# Sexing these two firemouth ( Youngsters )



## Andreas Isaksen (Mar 24, 2007)

i got these two:

This is the ''evil'' that terrorise the smaller one.









The colors are stronger in real life.

Heres the smaller one:









they are both around 4 inch maybe a little less, but im not sure if they are both females or males :-? ...

Any Answer Is A Good Asnwer :fish:


----------



## Britishbookbug (Dec 1, 2007)

The bottom one looks like a female because the tail is a bit stubby. I can't see the tail on the top one well enough, but if it has a long filament at the end, then it is male. The males tend to be a bit brighter too. Hope this helps.


----------



## Andreas Isaksen (Mar 24, 2007)

> I can't see the tail on the top one well enough, but if it has a long filament at the end, then it is male.

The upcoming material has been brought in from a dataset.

(* Let $P$ be a weighted combinatorial optimization problem and let $(T_S)_{S \in P}$ be the decision trees (with continuous branching functions) of a deterministic algorithm $A$ for $P$. Then for every instance $(S,w)$, $S=(n,W,L,\mathrm{cost})$, there exists a function $h : \mathbb{R} \to Q^n$ with the following properties: - $h(0)=0$ and $h$ is continuous at $0$; - $W$ continues into direction $h$ at $w$; - every branching function of $T_S$ is decreasing, constant, or increasing into direction $h$ at $w$. Consequently, breaking every tie $v_u(w)=0$ by taking the left child iff $v_u$ is decreasing into direction $h$ at $w$ defines a tie-breaking policy under which $A$ uses symbolic perturbation. That is, every deterministic algorithm admits a symbolic perturbation tie-breaking policy.
   Context: Let $Q$ be a subfield of $\mathbb{R}$ (e.g. $\mathbb{R}$, $\mathbb{Q}$, or the real algebraic numbers). Equip $Q^n$ with the Euclidean metric $d$. For $x \in Q^n$ and $\epsilon>0$, the $\epsilon$-neighborhood of $x$ is $\{y \in Q^n \mid d(x,y)<\epsilon\}$. A neighborhood of $x$ is an $\epsilon$-neighborhood of $x$ for some $\epsilon>0$. A set $U \subseteq Q^n$ is open if it contains a neighborhood of each of its points. A set $X \subseteq Q^n$ is semi-open if for every $x \in X$ and every neighborhood $N$ of $x$ there is a non-empty open set $U \subseteq Q^n$ with $U \subseteq N \cap X$. For $x \in \mathbb{R}$, $\mathrm{sgn}(x) = x/|x|$ if $x \neq 0$ and $\mathrm{sgn}(0)=0$. Problems: A weighted combinatorial optimization (minimization) problem $P$ is a set of problem structures; each structure $S=(n,W,L,\mathrm{cost})$ consists of a positive integer $n$, a semi-open set $W \subseteq Q^n$ of admissible weight vectors, a finite non-empty set $L$ of feasible solutions, and a function $\mathrm{cost} : W \times L \to \mathbb{R}$ such that $\mathrm{cost}(\cdot,l)$ is continuous on $W$ for every $l \in L$. An instance is a pair $(S,w)$ with $S \in P$ and $w \in W$. Algorithms: A deterministic algorithm $A$ for $P$ assigns to each structure $S=(n,W,L,\mathrm{cost}) \in P$ a finite rooted binary decision tree $T_S$. Each leaf is labelled with an element of $L \cup \{l_f\}$, where $l_f \notin L$ is a special symbol representing failure. Each internal node $u$ is labelled with a continuous branching function $v_u : W \to Q$. On input $(S,w)$, $A$ starts at the root of $T_S$. At an internal node $u$ it moves to the left child if $v_u(w)<0$ and to the right child if $v_u(w)>0$. If $v_u(w)=0$ (a tie), it moves to the left or right child according to a deterministic tie-breaking policy, i.e. a rule fixing, for every instance $(S,w)$ and every internal node $u$ with $v_u(w)=0$, which child is taken. $A$ returns the label $A(S,w)$ of the leaf reached. Directions: Let $W \subseteq Q^n$ be semi-open, $w \in W$, and $h : \mathbb{R} \to Q^n$ with $h(0)=0$ and $h$ continuous at $0$. $W$ continues into direction $h$ at $w$ if there is $\delta>0$ such that for every $0<a<\delta$ some neighborhood of $w+h(a)$ is contained in $W$. If $W$ continues into direction $h$ at $w$ and $f : W \to Q$ is continuous, then $f$ is increasing (resp. constant, decreasing) into direction $h$ at $w$ if the following holds: there is $\delta>0$ such that for every $0<a<\delta$ there is a neighborhood $N_a \subseteq W$ of $w+h(a)$ with $\mathrm{sgn}(f(y)-f(w)) = 1$ (resp. $0$, $-1$) for all $y \in N_a$. Symbolic perturbation: $A$ uses symbolic perturbation if, for every instance $(S,w)$ with $S=(n,W,L,\mathrm{cost})$, there exists a function $h_{S,w} : \mathbb{R} \to Q^n$ satisfying all of the following: - $h_{S,w}(0)=0$ and $h_{S,w}$ is continuous at $0$; - $W$ continues into direction $h_{S,w}$ at $w$; - every branching function of $T_S$ is decreasing, constant, or increasing into direction $h_{S,w}$ at $w$; - whenever a tie $v_u(w)=0$ occurs at an internal node $u$ on input $(S,w)$, $A$ takes the left child if $v_u$ is decreasing into direction $h_{S,w}$ at $w$, and the right child otherwise. *)

From Stdlib Require Import Reals List.
Import ListNotations.
Open Scope R_scope.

Can you explain how the filament a bit closer?


----------



## Andreas Isaksen (Mar 24, 2007)

to me they look very similar...


----------



## chrispyweld (Dec 20, 2005)

Longer thiner body on the top makes me think male and the chunkier shorter body of the second makes me think female


----------



## Andreas Isaksen (Mar 24, 2007)

i just dont see why the big one should chase the little one away, they are still youngsters lol :roll:


----------



## Joels fish (Nov 17, 2007)

To me the top looks like it could be male , but it's hard to tell from the pic. The filiment that was mentioned is the thread like trailer on the dorsal fins of male firemouths. Females however will develope them as well sometimes. These guys are still pretty small so once they mature a bit it will be easier to tell. 
The big one could be chasing the smaller one around because it's trying to establish a territory, or reminding the little one who's the boss.


----------



## Andreas Isaksen (Mar 24, 2007)

they still chase each other but sometimes they can be together ( Not very often ) but it havent developed to very aggresive behavior yet.


----------



## Andreas Isaksen (Mar 24, 2007)

need a clear answer....


----------



## Joels fish (Nov 17, 2007)

To which question ? The sex, or the chasing?


----------



## CiChLiD LoVeR128 (Mar 22, 2006)

> they are both around 4 inch maybe a little less


Just wanted to say this as it caught my eye but these guys aren't 4 in. Maybe 1.5 and 2 in.


----------



## Joels fish (Nov 17, 2007)

Yeah, more like 4cm maybe.


----------



## Andreas Isaksen (Mar 24, 2007)

sry, it was about the chasing.
No they are 10 cm the little one approximetly 7-8 cm.
i can try get more pics tomorrow.


----------



## CiChLiD LoVeR128 (Mar 22, 2006)

Sorry! It kind of bugged me........  :lol:


----------



## Joels fish (Nov 17, 2007)

Yeah sorry about that, they just look small in those pics. Anyway the chasing could be for any number of reasons. It could be because they are in fact both the same sex which will cause some conflict especialy if the tank is a little small, one has a highly aggressive personality that the other can not deal with, they are male and female but not compatable with each other. 
If your looking to get a breeding (or at least a compatable) pair, the best way is to get several ( around 6 ) juveniles and let them pair off on their own. Then return the ones you don't want. This method takes some time , but is well worth the wait.
If you can get some good pics of the vent area it will help to determine the sex , and that will also help us to answer your question more clearly.


----------